Chicago’s Puerto Rican community, overwhelmingly working-class and 130,000 strong, is concentrated in several neighborhoods on the Northwest Side of the city. All are major battlegrounds in today’s struggle to preserve and expand affordable housing.

According to the theories of Robert Ezra Park, there is such a thing as “ethnic succession” where neighborhoods ringing a city’s commercial district attract newly-arrived immigrants because, among other things, they are characterized by inexpensive rental housing. As each group of immigrants “moves up” economically, it also “moves out,” to be replaced by a new group of lower-income immigrants.
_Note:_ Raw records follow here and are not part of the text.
(* Soundness: each of the five factors is a semigroup satisfying the four
   identities, and satisfaction is closed under equational derivation.
   Completeness: every word derives a normal form in which a letter x with k
   occurrences is written x^(c-1) at its first occurrence and once more at its
   last one (a single x if k = 1), c being k reduced by x^(m+n) = x^n; these
   blocks are ordered like the first and last occurrences they stand for.  The
   normal form is determined by data that the factors detect: k mod m (Z_m),
   min(k, n) (N_n^I), the order of first occurrences (L_2^I), of last
   occurrences (R_2^I), and whether the first x precedes the last z (A_0^I,
   under x |-> e, z |-> f).  Hence words identified in the product have the
   same normal form. *)

(** * Evaluating words *)

Section Evaluation.
Variables (T : Type) (op : T -> T -> T).
Implicit Types (phi : nat -> T) (w : word).

Lemma evalw_ext_op (op' : T -> T -> T) phi w :
  op =2 op' -> evalw op phi w = evalw op' phi w.
Proof.
move=> eq_op; case: w => //= a s; congr Some.
by elim: s (phi a) => //= b s IH t; rewrite eq_op IH.
Qed.

Lemma evalw_morph (C : Type) (opC : C -> C -> C) (f : T -> C) phi w :
  {morph f : a b / op a b >-> opC a b} ->
  evalw opC (fun x => f (phi x)) w = omap f (evalw op phi w).
Proof.
move=> fM; case: w => //= a s; congr Some.
by elim: s (phi a) => //= b s IH t; rewrite -fM IH.
Qed.

Lemma evalw_recursive (F : word -> T) phi :
    (forall a, F [:: a] = phi a) ->
    (forall s a, s != [::] -> F (rcons s a) = op (F s) (phi a)) ->
  forall w, w != [::] -> evalw op phi w = Some (F w).
Proof.
move=> F1 FS [//|a s] _; elim/last_ind: s => [|s b IH] /=; first by rewrite F1.
by case: IH => IH; rewrite foldl_rcons IH -(FS (a :: s)).
Qed.

Lemma satisfies_invariant (F : word -> T) phi u v :
    (forall a, F [:: a] = phi a) ->
    (forall s a, s != [::] -> F (rcons s a) = op (F s) (phi a)) ->
  satisfies op u v -> u != [::] -> v != [::] -> F u = F v.
Proof.
move=> F1 FS uv nu nv.
by move: (uv phi); rewrite !(evalw_recursive F1 FS) // => -[].
Qed.

Definition powsucc (a : T) (k : nat) : T := iter k (op^~ a) a.

Lemma evalw_nseq phi x k : evalw op phi (nseq k.+1 x) = Some (powsucc (phi x) k).
Proof.
congr Some; rewrite /powsucc; move: {1 3}(phi x).
by elim: k => // k IH t; rewrite iterSr -IH.
Qed.

Hypothesis opA : associative op.

Lemma evalw_cat phi s1 s2 :
  evalw op phi (s1 ++ s2) = adjI op (evalw op phi s1) (evalw op phi s2).
Proof.
case: s1 => [|a s1] /=; first by case: (evalw op phi s2).
rewrite foldl_cat; case: s2 => //= b s2; congr Some.
by elim: s2 (phi b) => //= c s2 IH t; rewrite -IH opA.
Qed.

Lemma evalw_wsubst phi (sigma : nat -> word) w :
  (forall x, sigma x != [::]) ->
  evalw op phi (wsubst sigma w) =
  evalw op (fun x => odflt (phi 0) (evalw op phi (sigma x))) w.
Proof.
move=> sigma_ne; elim: w => // x w IH.
rewrite (_ : wsubst _ _ = sigma x ++ wsubst sigma w) // -cat1s !evalw_cat IH /=.
by case: (sigma x) (sigma_ne x).
Qed.

Lemma derivable_satisfies (Ax : word -> word -> Prop) :
    (forall u v, Ax u v -> satisfies op u v) ->
  forall u v, derivable Ax u v -> satisfies op u v.
Proof.
move=> AxP u v; elim=> {u v} [u v /AxP //|//|u v _ IH phi|u v w _ IH _ IH' phi||].
- by rewrite IH.
- by rewrite IH IH'.
- by move=> sigma u v sigma_ne _ IH phi; rewrite !evalw_wsubst // IH.
- by move=> w1 w2 u v _ IH phi; rewrite !evalw_cat IH.
Qed.

End Evaluation.

Lemma eq_satisfies (T : Type) (op op' : T -> T -> T) u v :
  op =2 op' -> satisfies op u v <-> satisfies op' u v.
Proof.
by move=> eq_op; split=> uv phi; [move: (uv phi)|]; rewrite !(evalw_ext_op _ _ eq_op).
Qed.

Lemma evalw_rev (T : Type) (op : T -> T -> T) (phi : nat -> T) (w : word) :
  associative op -> evalw op phi (rev w) = evalw (fun a b => op b a) phi w.
Proof.
move=> opA; have opA' : associative (fun a b => op b a) by move=> a b c; rewrite opA.
elim: w => // x w IH; rewrite rev_cons -cats1 (evalw_cat opA) IH.
by rewrite -[x :: w]cat1s (evalw_cat opA'); case: (evalw _ phi w).
Qed.

Lemma satisfies_rev (T : Type) (op : T -> T -> T) u v : associative op ->
  satisfies op u v -> satisfies (fun a b => op b a) (rev u) (rev v).
Proof.
move=> opA uv phi; have opA' : associative (fun a b => op b a) by move=> a b c; rewrite opA.
by rewrite !(evalw_rev _ _ opA'); apply: uv.
Qed.

Definition prod_op (A B : Type) (opA : A -> A -> A) (opB : B -> B -> B)
  (a b : A * B) : A * B := (opA a.1 b.1, opB a.2 b.2).

Lemma satisfies_prod (A B : Type) (opA : A -> A -> A) (opB : B -> B -> B)
    (a0 : A) (b0 : B) u v :
  satisfies (prod_op opA opB) u v <-> satisfies opA u v /\ satisfies opB u v.
Proof.
split=> [uv|[uvA uvB] phi].
  split=> phi.
    have := congr1 (omap fst) (uv (fun x => (phi x, b0))).
    by rewrite -!(evalw_morph (opC := opA)).
  have := congr1 (omap snd) (uv (fun x => (a0, phi x))).
  by rewrite -!(evalw_morph (opC := opB)).
have := uvA (fun x => (phi x).1); have := uvB (fun x => (phi x).2).
rewrite !(evalw_morph (op := prod_op opA opB)) //.
by case: (evalw _ phi u) => [[? ?]|]; case: (evalw _ phi v) => [[? ?]|] //= [->] [->].
Qed.

Section Ax6p5Models.
Variables (m n : nat) (hm : 0 < m) (hn : 1 < n).
Variables (T : Type) (op : T -> T -> T) (opA : associative op).
Local Notation pw := (powsucc op).

Lemma Ax6p5_satisfies :
    (forall a, pw a (m + n - 1) = pw a (n - 1)) ->
    (forall a y, op (pw a (m + n - 2)) (op y a) = op (pw a (n - 2)) (op y a)) ->
    (forall a y, op (op (op a a) y) a = op (op (op a y) a) a) ->
    (forall a y z, op (op (op (op a y) a) z) a = op (op (op (op a a) y) z) a) ->
  forall u v, Ax6p5 m n u v -> satisfies op u v.
Proof.
move=> pow_law mid_law law3 law4 u v [] phi /=; rewrite ?law3 ?law4 //.
  have -> : m + n = (m + n - 1).+1 by lia.
  by rewrite -[in RHS](subnK (ltnW hn)) addn1 !evalw_nseq pow_law.
have -> : m + n - 1 = (m + n - 2).+1 by lia.
have -> : n - 1 = (n - 2).+1 by lia.
by rewrite !(evalw_cat opA) !evalw_nseq /= mid_law.
Qed.

Lemma Ax6p5_satisfies_comm :
    commutative op -> (forall a, pw a (m + n - 1) = pw a (n - 1)) ->
  forall u v, Ax6p5 m n u v -> satisfies op u v.
Proof.
move=> opC pow_law; have opAC a b c : op (op a b) c = op (op a c) b.
  by rewrite -opA [op b c]opC opA.
apply: Ax6p5_satisfies => // [a y|a y|a y z]; rewrite ?[op (op a y) a]opAC //.
have pwS k : op (pw a k) a = pw a k.+1 by [].
rewrite !opA ![op (op (pw a _) y) a]opAC !pwS.
have -> : (m + n - 2).+1 = m + n - 1 by lia.
have -> : (n - 2).+1 = n - 1 by lia.
by rewrite pow_law.
Qed.

Lemma Ax6p5_satisfies_aperiodic :
    (forall a, op (op a a) a = op a a) ->
    (forall a y, op (op (op a a) y) a = op (op a y) a) ->
    (forall a y, op (op (op a a) y) a = op (op (op a y) a) a) ->
    (forall a y z, op (op (op (op a y) a) z) a = op (op (op (op a a) y) z) a) ->
  forall u v, Ax6p5 m n u v -> satisfies op u v.
Proof.
move=> cube_law mid_law law3 law4.
have pwS a k : pw a k.+1 = op a a.
  by elim: k => // k IH; rewrite /powsucc iterS -/(powsucc op a k.+1) IH cube_law.
apply: Ax6p5_satisfies => // [a|a y].
  have -> : m + n - 1 = (m + n - 2).+1 by lia.
  have -> : n - 1 = (n - 2).+1 by lia.
  by rewrite !pwS.
have -> : m + n - 2 = (m + n - 3).+1 by lia.
by case: (n - 2) => [|k]; rewrite ?pwS // opA mid_law -opA.
Qed.

End Ax6p5Models.

(** * The five factors *)

Lemma Zm_opC m : commutative (@Zm_op m).
Proof. by move=> a b; apply: val_inj; rewrite /= addnC. Qed.

Lemma val_Zm_powsucc m (a : 'I_m) k : val (powsucc (@Zm_op m) a k) = (k.+1 * a) %% m.
Proof.
elim: k => [|k IH] /=; first by rewrite mul1n modn_small.
by rewrite IH modnDml mulSn addnC.
Qed.

Section NilpotentMonogenic.
Variable n : nat.
Local Notation NI := (adjI (@Nn_op n)).

Lemma Nn_assoc : associative (@Nn_op n).
Proof. by move=> a b c; apply: val_inj => /=; have := ltn_ord a; lia. Qed.

Definition Nn_exp (p : option 'I_n) : nat := if p is Some i then i.+1 else 0.

Lemma Nn_exp_le p : Nn_exp p <= n.
Proof. by case: p => // i; apply: ltn_ord. Qed.

Lemma Nn_exp_inj : injective Nn_exp.
Proof. by case=> [i|] [j|] //= [eq_ij]; congr Some; apply: val_inj. Qed.

Lemma Nn_exp_op p q : Nn_exp (NI p q) = minn (Nn_exp p + Nn_exp q) n.
Proof. by move: (Nn_exp_le p) (Nn_exp_le q); case: p q => [i|] [j|] /=; lia. Qed.

Lemma adjI_Nn_opC : commutative NI.
Proof. by move=> p q; apply: Nn_exp_inj; rewrite !Nn_exp_op addnC. Qed.

Lemma Nn_exp_powsucc p k : Nn_exp (powsucc NI p k) = minn (k.+1 * Nn_exp p) n.
Proof.
have := Nn_exp_le p; elim: k => [|k IH] le_p_n /=; first by lia.
by rewrite -/(powsucc NI p k) Nn_exp_op IH //; nia.
Qed.

Definition Nn_pow (k : nat) : option 'I_n :=
  if k is k'.+1 then insub (minn k' n.-1) else None.

Lemma Nn_exp_pow k : 0 < n -> Nn_exp (Nn_pow k) = minn k n.
Proof.
move=> n_gt0; case: k => [|k] /=; first by rewrite min0n.
by case: (insubP (ordinal n) (minn k n.-1)) => [i _ /= -> | ]; lia.
Qed.

End NilpotentMonogenic.

Section FactorModels.
Variables (m n : nat) (hm : 0 < m) (hn : 1 < n).

Lemma Zm_Ax6p5 u v : Ax6p5 m n u v -> satisfies (@Zm_op m) u v.
Proof.
apply: Ax6p5_satisfies_comm => //; [exact: Zm_assoc | exact: Zm_opC |] => a.
apply: val_inj; rewrite !val_Zm_powsucc.
have -> : (m + n - 1).+1 = m + n by lia.
have -> : (n - 1).+1 = n by lia.
by rewrite mulnDl [m * _]mulnC modnMDl.
Qed.

Lemma Nn_Ax6p5 u v : Ax6p5 m n u v -> satisfies (adjI (@Nn_op n)) u v.
Proof.
apply: Ax6p5_satisfies_comm => //; [exact/adjI_assoc/Nn_assoc | exact: adjI_Nn_opC |] => p.
apply: Nn_exp_inj; rewrite !Nn_exp_powsucc; have := Nn_exp_le p.
by case: (Nn_exp p) => [|e] le_e_n; [rewrite !muln0 | nia].
Qed.

Lemma L2_Ax6p5 u v : Ax6p5 m n u v -> satisfies (adjI L2_op) u v.
Proof.
by apply: Ax6p5_satisfies_aperiodic => //; [exact: adjI_assoc | ..]; do ?case=> [[]|].
Qed.

Lemma R2_Ax6p5 u v : Ax6p5 m n u v -> satisfies (adjI R2_op) u v.
Proof.
by apply: Ax6p5_satisfies_aperiodic => //; [exact: adjI_assoc | ..]; do ?case=> [[]|].
Qed.

Lemma A0_Ax6p5 u v : Ax6p5 m n u v -> satisfies (adjI A0_op) u v.
Proof.
by apply: Ax6p5_satisfies_aperiodic => //; [exact/adjI_assoc/A0_assoc | ..]; do ?case=> [[]|].
Qed.

End FactorModels.

Lemma S6p5_opE m n :
  @S6p5_op m n =2 prod_op (prod_op (prod_op (prod_op (@Zm_op m) (adjI (@Nn_op n)))
                                    (adjI L2_op)) (adjI R2_op)) (adjI A0_op).
Proof. by case=> [[[[? ?] ?] ?] ?] [[[[? ?] ?] ?] ?]. Qed.

Lemma satisfies_S6p5 m n u v : 0 < m ->
  satisfies (@S6p5_op m n) u v <->
  [/\ satisfies (@Zm_op m) u v, satisfies (adjI (@Nn_op n)) u v,
      satisfies (adjI L2_op) u v, satisfies (adjI R2_op) u v
    & satisfies (adjI A0_op) u v].
Proof.
move=> hm; pose z0 : 'I_m := Ordinal hm.
rewrite (eq_satisfies _ _ (@S6p5_opE m n)) (satisfies_prod _ _ (z0, None, None, None) None).
rewrite (satisfies_prod _ _ (z0, None, None) None) (satisfies_prod _ _ (z0, None) None).
rewrite (satisfies_prod _ _ z0 None).
by split=> [[[[[]]]]|[]].
Qed.

Lemma S6p5_derivable_satisfies m n u v : 0 < m -> 1 < n ->
  derivable (Ax6p5 m n) u v -> satisfies (@S6p5_op m n) u v.
Proof.
move=> hm hn uv; rewrite satisfies_S6p5 //.
split; apply: (derivable_satisfies _ _ uv).
- exact: Zm_assoc.
- exact: Zm_Ax6p5.
- exact/adjI_assoc/Nn_assoc.
- exact: Nn_Ax6p5.
- exact: adjI_assoc.
- exact: L2_Ax6p5.
- exact: adjI_assoc.
- exact: R2_Ax6p5.
- exact/adjI_assoc/A0_assoc.
- exact: A0_Ax6p5.
Qed.

(** * First and last occurrences *)

Lemma mem_rem_neq (T : eqType) (x y : T) (s : seq T) :
  y != x -> (y \in rem x s) = (y \in s).
Proof. by move=> ne_yx; apply/idP/idP; [apply: mem_rem | apply: rem_mem]. Qed.

Lemma rem_cat_notin (T : eqType) (x : T) (s1 s2 : seq T) :
  x \notin s1 -> rem x (s1 ++ s2) = s1 ++ rem x s2.
Proof.
by elim: s1 => //= y s1 IH; rewrite in_cons negb_or eq_sym => /andP [/negbTE -> /IH ->].
Qed.

Section Occurrences.
Implicit Types (w s : word) (x z a : nat).

Lemma count_mem_rcons x s a : count_mem x (rcons s a) = count_mem x s + (a == x).
Proof. by rewrite -cats1 count_cat /= addn0. Qed.

Lemma count_mem_rcons_neq x s a : x != a -> count_mem x (rcons s a) = count_mem x s.
Proof. by move=> xa; rewrite count_mem_rcons eq_sym (negbTE xa) addn0. Qed.

Lemma index_rcons x s a :
  index x (rcons s a) =
  if x \in s then index x s else if x == a then size s else (size s).+1.
Proof.
rewrite -cats1 index_cat; case: ifP => // _ /=; rewrite eq_sym.
by case: (x == a); rewrite ?addn0 ?addn1.
Qed.

(* When x does not occur in w, truncated subtraction makes [last_index x w = 0];
   [occurs_before] below relies on this. *)
Definition last_index x w := size w - (index x (rev w)).+1.

Lemma last_index_notin x w : x \notin w -> last_index x w = 0.
Proof.
move=> xw; rewrite /last_index memNindex ?mem_rev // size_rev.
by apply/eqP; rewrite subn_eq0.
Qed.

Lemma last_index_rcons x s a :
  last_index x (rcons s a) = if x == a then size s else last_index x s.
Proof.
rewrite /last_index rev_rcons size_rcons /= eq_sym.
by have := index_size x (rev s); rewrite size_rev; case: (x == a) => /=; lia.
Qed.

Lemma last_index_lt x w : x \in w -> last_index x w < size w.
Proof. by rewrite /last_index; case: w => //= *; lia. Qed.

Lemma nth_last_index x0 x w : x \in w -> nth x0 w (last_index x w) = x.
Proof.
move=> xw; rewrite /last_index -nth_rev ?nth_index ?mem_rev //.
by rewrite -size_rev index_mem mem_rev.
Qed.

Lemma ltn_last_index x z w : x \in w -> z \in w ->
  (last_index x w < last_index z w) = (index z (rev w) < index x (rev w)).
Proof.
rewrite /last_index -!(mem_rev w) -!index_mem size_rev.
by move: (size w) (index x _) (index z _) => k i j hi hj; apply/idP/idP; lia.
Qed.

Lemma index_le_last_index x w : x \in w -> index x w <= last_index x w.
Proof.
elim/last_ind: w => // s a IH.
rewrite mem_rcons in_cons index_rcons last_index_rcons.
case: (x =P a) => [->|_] /= xs; last by rewrite xs IH.
by case: ifP => // _; rewrite index_size.
Qed.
Chicago’s Puerto Rican community, which began to grow rapidly in the 1950s, fits this pattern, with West Town, an old Polish immigrant area, becoming the preferred site of settlement by Puerto Rican immigrants. A second focus was Lincoln Park, north of the downtown “Loop.”

By the 1960s, West Town and Lincoln Park were distinctively “Boricua” neighborhoods, with the usual network of religious, social and political institutions. Both areas were home to militant organizations fighting for the rights of Puerto Rican immigrants as well as the cause of Puerto Rican independence.

Eventually, racist police abuse led to the 1966 “Division Street Rebellion.” Since then the police department’s “Red Squad” and the FBI worked overtime to destabilize the Puerto Rican community through infiltration, provocations and red baiting.

In the early 1970s Mayor Richard J. Daley developed the Chicago 21 Plan, a redevelopment project the sole purpose of which was to disperse concentrations of low-income and minority people who might represent a political challenge to the ruling elites of the city. Coincidentally, the plan also provided new opportunities for profiteering by the real estate, development and financial interests that are the main bulwarks of the Cook County “machine.”

Chicago 21 slated the removal of entire ethnic neighborhoods, to be replaced by upscale housing and shopping districts designed to attract higher-income, and mostly white, people “back into the city.” Among the first targets was Lincoln Park, which became a hotbed of “gentrification.”

Real estate developers, supported by the city’s political leadership, began to buy up working-class housing and remodel it for rental or sale to a more affluent clientele, thereby driving up housing and driving low-income people elsewhere.

Housing activists in the area point out that, in many cases, rents for two-bedroom apartments have jumped from $400 per month to more than $1,000, in three or four years, due to real estate speculation/gentrification and the lack of new affordable housing construction.

Soon, not a single Puerto Rican institution was left and the vast majority of Puerto Rican people had been driven out. Today many are incredulous when told the history of the Puerto Rican barrio in Lincoln Park, now one of the wealthiest and trendiest – and whitest – areas in the city

Today, Puerto Ricans in West Town-Humboldt Park-Logan Square communities have become the front line in the battle to preserve affordable housing. Since the Republican Party is a non-entity in Chicago, speculators and developers have worked through Mayor Richard M. Daley and his allies, in order to get control of affordable housing units and empty lots that can be turned into expensive condominiums.

In an effort to resist this trend, several Puerto Rican social, political and cultural institutions, together with organizations representing Mexican immigrants, have allied themselves with not-for-profit agencies specializing in the construction or re-habilitation of affordable housing. Allied with these forces have been Rep. Luis Gutierrez (D-Ill.), County Commissioner Roberto Maldonado, State Senator Miguel Del Valle, State Representatives Willie Delgado and Cynthia Soto and Alderman Billy Ocasio, representatives of the liberal, independent wing of the Democratic Party.

Some not-for-profit institutions such as Bickerdike Redevelopment and Erie Neighborhood House have worked to create affordable housing, with an ambitious plan for local low-cost home ownership, only to be thwarted by the machinations of the Daley-allied politicians who blocked the proposal while pocketing hefty campaign contributions. However community groups in the area have managed to bring in some scattered site pubic housing in spite of ferocious “NIMBY” (not in my back yard) opposition.

Community activists charge that the Chicago police have worked along with this gentrification dynamic by harassing Puerto Rican and other poor and minority families. However, there is a determination to stay and fight. Just west of Clemente High, there is a strip of Division Street, bordered on either end by huge sculptures of the Puerto Rican flag. Many – and not only Puerto Rican people – see these giant flags as a line in the sand for a last-ditch fight for an affordable, livable neighborhood and a rebuff to the plans of the wealthy developers.